### EXERCISE DATA ###
(* Let $n\ge 1$ and let $G^n$ be the set of all $C^\infty$ diffeomorphisms $\mathbf{Y}:\mathbb{R}^n\setminus\{0\}\to\mathbb{R}^n\setminus\{0\}$ satisfying $\mathbf{Y}(\lambda\mathbf{x})=\lambda\mathbf{Y}(\mathbf{x})$ for all $\mathbf{x}\in\mathbb{R}^n\setminus\{0\}$ and all $\lambda\in\mathbb{R}\setminus\{0\}$; $G^n$ is a group under composition, where for $g_1,g_2\in G^n$ with associated maps $\mathbf{Y}_{g_1},\mathbf{Y}_{g_2}$ the product is defined by $\mathbf{Y}_{g_1g_2}=\mathbf{Y}_{g_1}\circ\mathbf{Y}_{g_2}$. Let $N^n\subset G^n$ be the subset of those elements $g$ whose map has the form $\mathbf{Y}_g(\mathbf{x})=\mathbf{x}\,r_g(\mathbf{x})$, where $r_g:\mathbb{R}^n\setminus\{0\}\to(0,\infty)$ is a $C^\infty$ function with $r_g(\lambda\mathbf{x})=r_g(\mathbf{x})$ for all $\lambda\in\mathbb{R}\setminus\{0\}$. Then $N^n$ is a normal abelian subgroup of $G^n$, and for all $g,g_1,g_2\in N^n$ and all $\mathbf{x}\in\mathbb{R}^n\setminus\{0\}$, $$r_{g_1g_2}(\mathbf{x})=r_{g_1}(\mathbf{x})\,r_{g_2}(\mathbf{x}),\qquad r_{g^{-1}}(\mathbf{x})=\frac{1}{r_g(\mathbf{x})}.$$
   Context: $G^n$ is called the group of Thermodynamic Coordinate Transformations (TCT-group): homogeneous (degree one) diffeomorphisms of $\mathbb{R}^n\setminus\{0\}$. Elements $g$ of $G^n$ are identified with their maps $\mathbf{Y}_g$, and the group law is composition of maps. *)

From HB Require Import structures.
From mathcomp Require Import all_boot all_order all_algebra.
From mathcomp Require Import all_classical all_reals all_analysis.
Set Implicit Arguments. Unset Strict Implicit. Unset Printing Implicit Defensive.
Import Order.TTheory GRing.Theory Num.Theory.
Import numFieldNormedType.Exports.
Local Open Scope classical_set_scope.
Local Open Scope ring_scope.

Definition punct (R : realType) (n : nat) : set 'rV[R]_n := [set x | x != 0].

Fixpoint iderive (R : realType) (n : nat) (W : normedModType R)
    (vs : seq 'rV[R]_n) (f : 'rV[R]_n -> W) : 'rV[R]_n -> W :=
  match vs with
  | [::] => f
  | v :: vs' => fun x => derive (iderive vs' f) x v
  end.

Definition smooth_on (R : realType) (n : nat) (W : normedModType R)
    (U : set 'rV[R]_n) (f : 'rV[R]_n -> W) : Prop :=
  forall (vs : seq 'rV[R]_n) (x : 'rV[R]_n), U x ->
    {for x, continuous (iderive vs f)} /\
    (forall v : 'rV[R]_n, derivable (iderive vs f) x v).

Definition smooth_inverse (R : realType) (n : nat)
    (Y Z : 'rV[R]_n -> 'rV[R]_n) : Prop :=
  (forall x, x != 0 -> Z x != 0) /\ smooth_on (@punct R n) Z /\
  (forall x, x != 0 -> Z (Y x) = x) /\ (forall x, x != 0 -> Y (Z x) = x).

(* Y represents an element of G^n (only its values on R^n \ {0} matter). *)
Definition inG (R : realType) (n : nat) (Y : 'rV[R]_n -> 'rV[R]_n) : Prop :=
  (forall x, x != 0 -> Y x != 0) /\
  smooth_on (@punct R n) Y /\
  (exists Z, smooth_inverse Y Z) /\
  (forall (x : 'rV[R]_n) (l : R), x != 0 -> l != 0 -> Y (l *: x) = l *: Y x).

Definition inN_with (R : realType) (n : nat) (Y : 'rV[R]_n -> 'rV[R]_n)
    (r : 'rV[R]_n -> R) : Prop :=
  inG Y /\
  smooth_on (@punct R n) r /\
  (forall x, x != 0 -> 0 < r x) /\
  (forall (x : 'rV[R]_n) (l : R), x != 0 -> l != 0 -> r (l *: x) = r x) /\
  (forall x, x != 0 -> Y x = r x *: x).

Definition inN (R : realType) (n : nat) (Y : 'rV[R]_n -> 'rV[R]_n) : Prop :=
  exists r, inN_with Y r.

From HB Require Import structures.
From mathcomp Require Import all_boot all_order all_algebra.
From mathcomp Require Import all_classical all_reals all_analysis.
Import Order.TTheory GRing.Theory Num.Theory.
Import numFieldNormedType.Exports.
Local Open Scope classical_set_scope.
Local Open Scope ring_scope.
Set Implicit Arguments. Unset Strict Implicit. Unset Printing Implicit Defensive.

(* Every element of N^n acts as x |-> r(x) x with r positive and invariant under
   nonzero scalings, so Y1 (Y2 x) = r1 (r2(x) x) r2(x) x = r1(x) r2(x) x:
   composition multiplies the r's, inversion inverts them, and N^n is abelian.
   For Y in G^n with inverse Z, homogeneity of Y gives
   Y (H (Z x)) = r (Z x) *: Y (Z x) = r (Z x) *: x, so N^n is normal.  The
   analytic content is that smooth functions are closed under products,
   reciprocals and composition; the chain rule needed for the latter rests on
   the classical fact that continuous partial derivatives imply
   differentiability, proved coordinate by coordinate with the mean value
   theorem. *)

Section finite_order_smoothness.
Variables (R : realType) (n : nat).
Implicit Types (U : set 'rV[R]_n) (vs : seq 'rV[R]_n) (x v : 'rV[R]_n).

Lemma iderive_rcons (W : normedModType R) vs v (f : 'rV[R]_n -> W) :
  iderive (rcons vs v) f = iderive vs (fun x => 'D_v f x).
Proof. by elim: vs => [|w vs IH] //=; rewrite IH. Qed.

Lemma near_open U x : open U -> U x -> \forall y \near x, U y.
Proof. by move=> oU Ux; apply: open_nbhs_nbhs; split. Qed.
###
# WHAT THE EXERCISE ASKS
When you reach this point, go back and write out each record above exactly.

# FINAL ANSWER
(* Let $n\ge 1$ and let $G^n$ be the set of all $C^\infty$ diffeomorphisms $\mathbf{Y}:\mathbb{R}^n\setminus\{0\}\to\mathbb{R}^n\setminus\{0\}$ satisfying $\mathbf{Y}(\lambda\mathbf{x})=\lambda\mathbf{Y}(\mathbf{x})$ for all $\mathbf{x}\in\mathbb{R}^n\setminus\{0\}$ and all $\lambda\in\mathbb{R}\setminus\{0\}$; $G^n$ is a group under composition, where for $g_1,g_2\in G^n$ with associated maps $\mathbf{Y}_{g_1},\mathbf{Y}_{g_2}$ the product is defined by $\mathbf{Y}_{g_1g_2}=\mathbf{Y}_{g_1}\circ\mathbf{Y}_{g_2}$. Let $N^n\subset G^n$ be the subset of those elements $g$ whose map has the form $\mathbf{Y}_g(\mathbf{x})=\mathbf{x}\,r_g(\mathbf{x})$, where $r_g:\mathbb{R}^n\setminus\{0\}\to(0,\infty)$ is a $C^\infty$ function with $r_g(\lambda\mathbf{x})=r_g(\mathbf{x})$ for all $\lambda\in\mathbb{R}\setminus\{0\}$. Then $N^n$ is a normal abelian subgroup of $G^n$, and for all $g,g_1,g_2\in N^n$ and all $\mathbf{x}\in\mathbb{R}^n\setminus\{0\}$, $$r_{g_1g_2}(\mathbf{x})=r_{g_1}(\mathbf{x})\,r_{g_2}(\mathbf{x}),\qquad r_{g^{-1}}(\mathbf{x})=\frac{1}{r_g(\mathbf{x})}.$$
   Context: $G^n$ is called the group of Thermodynamic Coordinate Transformations (TCT-group): homogeneous (degree one) diffeomorphisms of $\mathbb{R}^n\setminus\{0\}$. Elements $g$ of $G^n$ are identified with their maps $\mathbf{Y}_g$, and the group law is composition of maps. *)

From HB Require Import structures.
From mathcomp Require Import all_boot all_order all_algebra.
From mathcomp Require Import all_classical all_reals all_analysis.
Set Implicit Arguments. Unset Strict Implicit. Unset Printing Implicit Defensive.
Import Order.TTheory GRing.Theory Num.Theory.
Import numFieldNormedType.Exports.
Local Open Scope classical_set_scope.
Local Open Scope ring_scope.

Definition punct (R : realType) (n : nat) : set 'rV[R]_n := [set x | x != 0].

Fixpoint iderive (R : realType) (n : nat) (W : normedModType R)
    (vs : seq 'rV[R]_n) (f : 'rV[R]_n -> W) : 'rV[R]_n -> W :=
  match vs with
  | [::] => f
  | v :: vs' => fun x => derive (iderive vs' f) x v
  end.

Definition smooth_on (R : realType) (n : nat) (W : normedModType R)
    (U : set 'rV[R]_n) (f : 'rV[R]_n -> W) : Prop :=
  forall (vs : seq 'rV[R]_n) (x : 'rV[R]_n), U x ->
    {for x, continuous (iderive vs f)} /\
    (forall v : 'rV[R]_n, derivable (iderive vs f) x v).

Definition smooth_inverse (R : realType) (n : nat)
    (Y Z : 'rV[R]_n -> 'rV[R]_n) : Prop :=
  (forall x, x != 0 -> Z x != 0) /\ smooth_on (@punct R n) Z /\
  (forall x, x != 0 -> Z (Y x) = x) /\ (forall x, x != 0 -> Y (Z x) = x).

(* Y represents an element of G^n (only its values on R^n \ {0} matter). *)
Definition inG (R : realType) (n : nat) (Y : 'rV[R]_n -> 'rV[R]_n) : Prop :=
  (forall x, x != 0 -> Y x != 0) /\
  smooth_on (@punct R n) Y /\
  (exists Z, smooth_inverse Y Z) /\
  (forall (x : 'rV[R]_n) (l : R), x != 0 -> l != 0 -> Y (l *: x) = l *: Y x).

Definition inN_with (R : realType) (n : nat) (Y : 'rV[R]_n -> 'rV[R]_n)
    (r : 'rV[R]_n -> R) : Prop :=
  inG Y /\
  smooth_on (@punct R n) r /\
  (forall x, x != 0 -> 0 < r x) /\
  (forall (x : 'rV[R]_n) (l : R), x != 0 -> l != 0 -> r (l *: x) = r x) /\
  (forall x, x != 0 -> Y x = r x *: x).

Definition inN (R : realType) (n : nat) (Y : 'rV[R]_n -> 'rV[R]_n) : Prop :=
  exists r, inN_with Y r.

From HB Require Import structures.
From mathcomp Require Import all_boot all_order all_algebra.
From mathcomp Require Import all_classical all_reals all_analysis.
Import Order.TTheory GRing.Theory Num.Theory.
Import numFieldNormedType.Exports.
Local Open Scope classical_set_scope.
Local Open Scope ring_scope.
Set Implicit Arguments. Unset Strict Implicit. Unset Printing Implicit Defensive.

(* Every element of N^n acts as x |-> r(x) x with r positive and invariant under
   nonzero scalings, so Y1 (Y2 x) = r1 (r2(x) x) r2(x) x = r1(x) r2(x) x:
   composition multiplies the r's, inversion inverts them, and N^n is abelian.
   For Y in G^n with inverse Z, homogeneity of Y gives
   Y (H (Z x)) = r (Z x) *: Y (Z x) = r (Z x) *: x, so N^n is normal.  The
   analytic content is that smooth functions are closed under products,
   reciprocals and composition; the chain rule needed for the latter rests on
   the classical fact that continuous partial derivatives imply
   differentiability, proved coordinate by coordinate with the mean value
   theorem. *)

Section finite_order_smoothness.
Variables (R : realType) (n : nat).
Implicit Types (U : set 'rV[R]_n) (vs : seq 'rV[R]_n) (x v : 'rV[R]_n).

Lemma iderive_rcons (W : normedModType R) vs v (f : 'rV[R]_n -> W) :
  iderive (rcons vs v) f = iderive vs (fun x => 'D_v f x).
Proof. by elim: vs => [|w vs IH] //=; rewrite IH. Qed.

Lemma near_open U x : open U -> U x -> \forall y \near x, U y.
Proof. by move=> oU Ux; apply: open_nbhs_nbhs; split. Qed.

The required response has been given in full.